SOURCE MATERIAL:
..............................

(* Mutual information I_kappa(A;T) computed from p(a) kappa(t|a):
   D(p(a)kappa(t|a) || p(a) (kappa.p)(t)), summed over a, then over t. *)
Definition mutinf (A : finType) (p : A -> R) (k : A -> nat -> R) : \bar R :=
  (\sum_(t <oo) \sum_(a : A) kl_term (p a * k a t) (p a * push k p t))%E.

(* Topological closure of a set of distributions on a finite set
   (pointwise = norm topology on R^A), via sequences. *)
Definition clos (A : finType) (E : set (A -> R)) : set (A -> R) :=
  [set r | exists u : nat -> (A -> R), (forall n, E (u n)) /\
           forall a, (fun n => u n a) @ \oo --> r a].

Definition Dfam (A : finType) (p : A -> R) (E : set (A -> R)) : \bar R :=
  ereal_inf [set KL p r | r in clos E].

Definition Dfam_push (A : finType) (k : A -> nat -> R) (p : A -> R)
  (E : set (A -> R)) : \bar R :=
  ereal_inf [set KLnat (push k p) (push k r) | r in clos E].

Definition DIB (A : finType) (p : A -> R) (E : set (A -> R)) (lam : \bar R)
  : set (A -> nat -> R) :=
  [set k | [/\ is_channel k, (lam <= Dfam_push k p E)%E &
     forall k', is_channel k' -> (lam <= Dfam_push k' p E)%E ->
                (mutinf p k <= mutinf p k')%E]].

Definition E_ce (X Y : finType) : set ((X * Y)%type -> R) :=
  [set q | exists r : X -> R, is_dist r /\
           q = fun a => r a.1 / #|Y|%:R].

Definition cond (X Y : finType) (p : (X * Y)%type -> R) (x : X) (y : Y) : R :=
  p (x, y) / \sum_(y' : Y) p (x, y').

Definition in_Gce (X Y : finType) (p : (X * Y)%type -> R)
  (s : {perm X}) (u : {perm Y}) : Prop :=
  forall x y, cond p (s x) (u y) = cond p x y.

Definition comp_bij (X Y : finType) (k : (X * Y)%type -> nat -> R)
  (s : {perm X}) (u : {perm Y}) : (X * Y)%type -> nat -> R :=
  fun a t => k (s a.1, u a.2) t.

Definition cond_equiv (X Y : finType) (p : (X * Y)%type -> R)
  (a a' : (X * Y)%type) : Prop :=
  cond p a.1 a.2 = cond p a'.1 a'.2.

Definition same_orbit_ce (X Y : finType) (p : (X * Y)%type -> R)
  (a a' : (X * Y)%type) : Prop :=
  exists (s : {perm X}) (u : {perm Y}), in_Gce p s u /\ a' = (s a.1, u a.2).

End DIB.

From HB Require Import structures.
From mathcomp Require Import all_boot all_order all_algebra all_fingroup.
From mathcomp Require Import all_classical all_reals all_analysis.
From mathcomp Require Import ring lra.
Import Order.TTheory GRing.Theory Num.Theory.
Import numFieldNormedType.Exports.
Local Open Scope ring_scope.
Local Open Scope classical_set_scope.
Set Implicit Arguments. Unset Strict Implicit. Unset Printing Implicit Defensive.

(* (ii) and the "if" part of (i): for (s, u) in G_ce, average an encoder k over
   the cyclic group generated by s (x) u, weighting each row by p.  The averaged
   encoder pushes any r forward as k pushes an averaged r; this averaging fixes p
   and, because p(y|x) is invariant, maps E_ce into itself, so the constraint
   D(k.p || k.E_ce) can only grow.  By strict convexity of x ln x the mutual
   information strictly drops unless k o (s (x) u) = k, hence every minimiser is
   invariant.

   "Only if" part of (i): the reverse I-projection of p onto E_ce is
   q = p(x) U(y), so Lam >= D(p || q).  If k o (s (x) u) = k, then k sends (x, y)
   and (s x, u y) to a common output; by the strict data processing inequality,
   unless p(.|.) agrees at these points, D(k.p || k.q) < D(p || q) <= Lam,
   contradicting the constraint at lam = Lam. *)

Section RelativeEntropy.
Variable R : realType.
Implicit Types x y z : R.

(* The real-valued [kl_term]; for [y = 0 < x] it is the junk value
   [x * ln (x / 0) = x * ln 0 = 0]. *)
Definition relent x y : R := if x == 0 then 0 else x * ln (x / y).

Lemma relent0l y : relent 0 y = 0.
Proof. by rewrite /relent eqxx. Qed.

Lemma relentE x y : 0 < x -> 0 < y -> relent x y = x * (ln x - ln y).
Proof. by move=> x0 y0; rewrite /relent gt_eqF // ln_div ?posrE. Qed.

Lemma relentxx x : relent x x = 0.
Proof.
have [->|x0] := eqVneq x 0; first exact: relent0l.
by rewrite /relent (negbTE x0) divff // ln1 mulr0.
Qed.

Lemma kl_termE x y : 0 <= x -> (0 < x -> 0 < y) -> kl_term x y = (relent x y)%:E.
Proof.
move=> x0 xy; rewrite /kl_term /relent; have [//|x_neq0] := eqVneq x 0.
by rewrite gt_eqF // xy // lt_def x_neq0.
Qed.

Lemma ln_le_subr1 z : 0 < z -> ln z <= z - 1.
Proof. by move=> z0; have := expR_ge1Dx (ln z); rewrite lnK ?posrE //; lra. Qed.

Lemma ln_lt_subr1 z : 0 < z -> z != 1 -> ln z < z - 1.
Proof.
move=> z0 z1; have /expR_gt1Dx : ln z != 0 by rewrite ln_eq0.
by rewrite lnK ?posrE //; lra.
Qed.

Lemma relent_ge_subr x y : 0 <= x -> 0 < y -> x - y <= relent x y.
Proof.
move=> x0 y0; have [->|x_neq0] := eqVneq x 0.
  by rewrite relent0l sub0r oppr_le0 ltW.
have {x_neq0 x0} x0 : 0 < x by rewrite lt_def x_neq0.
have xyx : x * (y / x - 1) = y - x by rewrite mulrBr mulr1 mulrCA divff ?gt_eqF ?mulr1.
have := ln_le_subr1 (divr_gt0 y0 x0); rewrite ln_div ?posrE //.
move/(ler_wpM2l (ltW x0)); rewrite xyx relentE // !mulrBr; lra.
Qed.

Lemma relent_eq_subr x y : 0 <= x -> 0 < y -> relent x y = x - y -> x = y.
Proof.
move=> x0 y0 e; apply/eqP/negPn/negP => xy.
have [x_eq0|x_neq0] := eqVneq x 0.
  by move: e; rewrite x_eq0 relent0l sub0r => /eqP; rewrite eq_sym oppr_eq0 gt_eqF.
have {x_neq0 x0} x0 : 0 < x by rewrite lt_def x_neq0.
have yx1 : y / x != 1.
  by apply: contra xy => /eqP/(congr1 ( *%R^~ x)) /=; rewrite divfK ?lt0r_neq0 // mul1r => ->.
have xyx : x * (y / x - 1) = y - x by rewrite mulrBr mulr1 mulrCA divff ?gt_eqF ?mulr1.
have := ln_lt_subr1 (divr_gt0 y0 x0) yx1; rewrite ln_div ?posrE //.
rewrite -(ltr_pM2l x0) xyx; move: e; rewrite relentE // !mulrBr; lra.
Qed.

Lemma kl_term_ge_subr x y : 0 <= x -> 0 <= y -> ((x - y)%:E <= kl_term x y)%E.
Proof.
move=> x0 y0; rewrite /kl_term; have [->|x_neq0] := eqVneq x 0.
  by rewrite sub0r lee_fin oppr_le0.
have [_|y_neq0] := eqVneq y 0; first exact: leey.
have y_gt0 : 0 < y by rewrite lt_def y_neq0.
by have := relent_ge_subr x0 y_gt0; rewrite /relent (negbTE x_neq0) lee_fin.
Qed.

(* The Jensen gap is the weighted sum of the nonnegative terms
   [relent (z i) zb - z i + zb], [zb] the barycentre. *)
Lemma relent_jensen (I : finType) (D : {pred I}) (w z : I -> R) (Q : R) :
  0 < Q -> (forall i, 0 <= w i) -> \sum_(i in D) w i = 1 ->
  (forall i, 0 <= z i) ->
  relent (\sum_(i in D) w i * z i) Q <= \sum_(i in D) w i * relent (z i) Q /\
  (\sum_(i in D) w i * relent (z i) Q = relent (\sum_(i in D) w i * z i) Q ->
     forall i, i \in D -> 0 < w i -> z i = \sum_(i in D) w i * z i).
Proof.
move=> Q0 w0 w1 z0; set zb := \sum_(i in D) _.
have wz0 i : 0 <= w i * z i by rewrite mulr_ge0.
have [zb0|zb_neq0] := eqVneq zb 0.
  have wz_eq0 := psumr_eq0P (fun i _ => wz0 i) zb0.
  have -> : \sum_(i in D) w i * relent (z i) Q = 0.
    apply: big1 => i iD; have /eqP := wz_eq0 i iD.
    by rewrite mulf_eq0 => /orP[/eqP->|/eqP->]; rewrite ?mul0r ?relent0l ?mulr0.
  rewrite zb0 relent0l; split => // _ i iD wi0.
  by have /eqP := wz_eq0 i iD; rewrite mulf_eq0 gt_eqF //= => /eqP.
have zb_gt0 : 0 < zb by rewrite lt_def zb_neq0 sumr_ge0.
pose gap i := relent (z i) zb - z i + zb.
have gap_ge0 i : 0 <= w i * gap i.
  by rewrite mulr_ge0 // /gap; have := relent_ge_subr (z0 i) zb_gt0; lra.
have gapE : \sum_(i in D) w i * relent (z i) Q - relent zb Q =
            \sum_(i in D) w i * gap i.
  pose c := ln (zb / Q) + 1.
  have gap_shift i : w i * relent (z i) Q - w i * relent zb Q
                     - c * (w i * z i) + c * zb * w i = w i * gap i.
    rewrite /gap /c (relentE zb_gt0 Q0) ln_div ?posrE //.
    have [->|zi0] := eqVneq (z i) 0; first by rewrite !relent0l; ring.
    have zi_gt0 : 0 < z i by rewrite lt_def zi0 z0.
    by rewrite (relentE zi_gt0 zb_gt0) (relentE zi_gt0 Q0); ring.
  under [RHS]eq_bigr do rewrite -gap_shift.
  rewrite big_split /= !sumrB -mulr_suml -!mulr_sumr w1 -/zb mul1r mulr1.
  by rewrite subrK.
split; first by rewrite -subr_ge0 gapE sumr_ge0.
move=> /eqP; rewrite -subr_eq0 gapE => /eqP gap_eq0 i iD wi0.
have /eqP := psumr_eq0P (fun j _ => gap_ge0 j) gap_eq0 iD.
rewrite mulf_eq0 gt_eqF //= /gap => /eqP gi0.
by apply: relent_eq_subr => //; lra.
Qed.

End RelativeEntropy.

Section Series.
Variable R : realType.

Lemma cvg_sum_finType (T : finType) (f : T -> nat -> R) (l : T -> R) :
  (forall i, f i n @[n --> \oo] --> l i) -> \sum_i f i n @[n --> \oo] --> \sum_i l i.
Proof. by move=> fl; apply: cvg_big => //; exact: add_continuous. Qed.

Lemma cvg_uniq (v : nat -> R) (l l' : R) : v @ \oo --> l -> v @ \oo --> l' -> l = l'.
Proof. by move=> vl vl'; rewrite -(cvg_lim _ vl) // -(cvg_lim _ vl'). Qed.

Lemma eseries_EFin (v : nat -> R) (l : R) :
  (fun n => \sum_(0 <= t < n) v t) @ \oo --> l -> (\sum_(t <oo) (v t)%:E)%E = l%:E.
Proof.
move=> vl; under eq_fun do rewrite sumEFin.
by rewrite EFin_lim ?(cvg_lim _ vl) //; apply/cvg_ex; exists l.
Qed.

..............................

Note every line of the entries in which "mutinf" appears, and copy it down.

ANSWER SPACE:
Definition mutinf (A : finType) (p : A -> R) (k : A -> nat -> R) : \bar R :=
                (mutinf p k <= mutinf p k')%E]].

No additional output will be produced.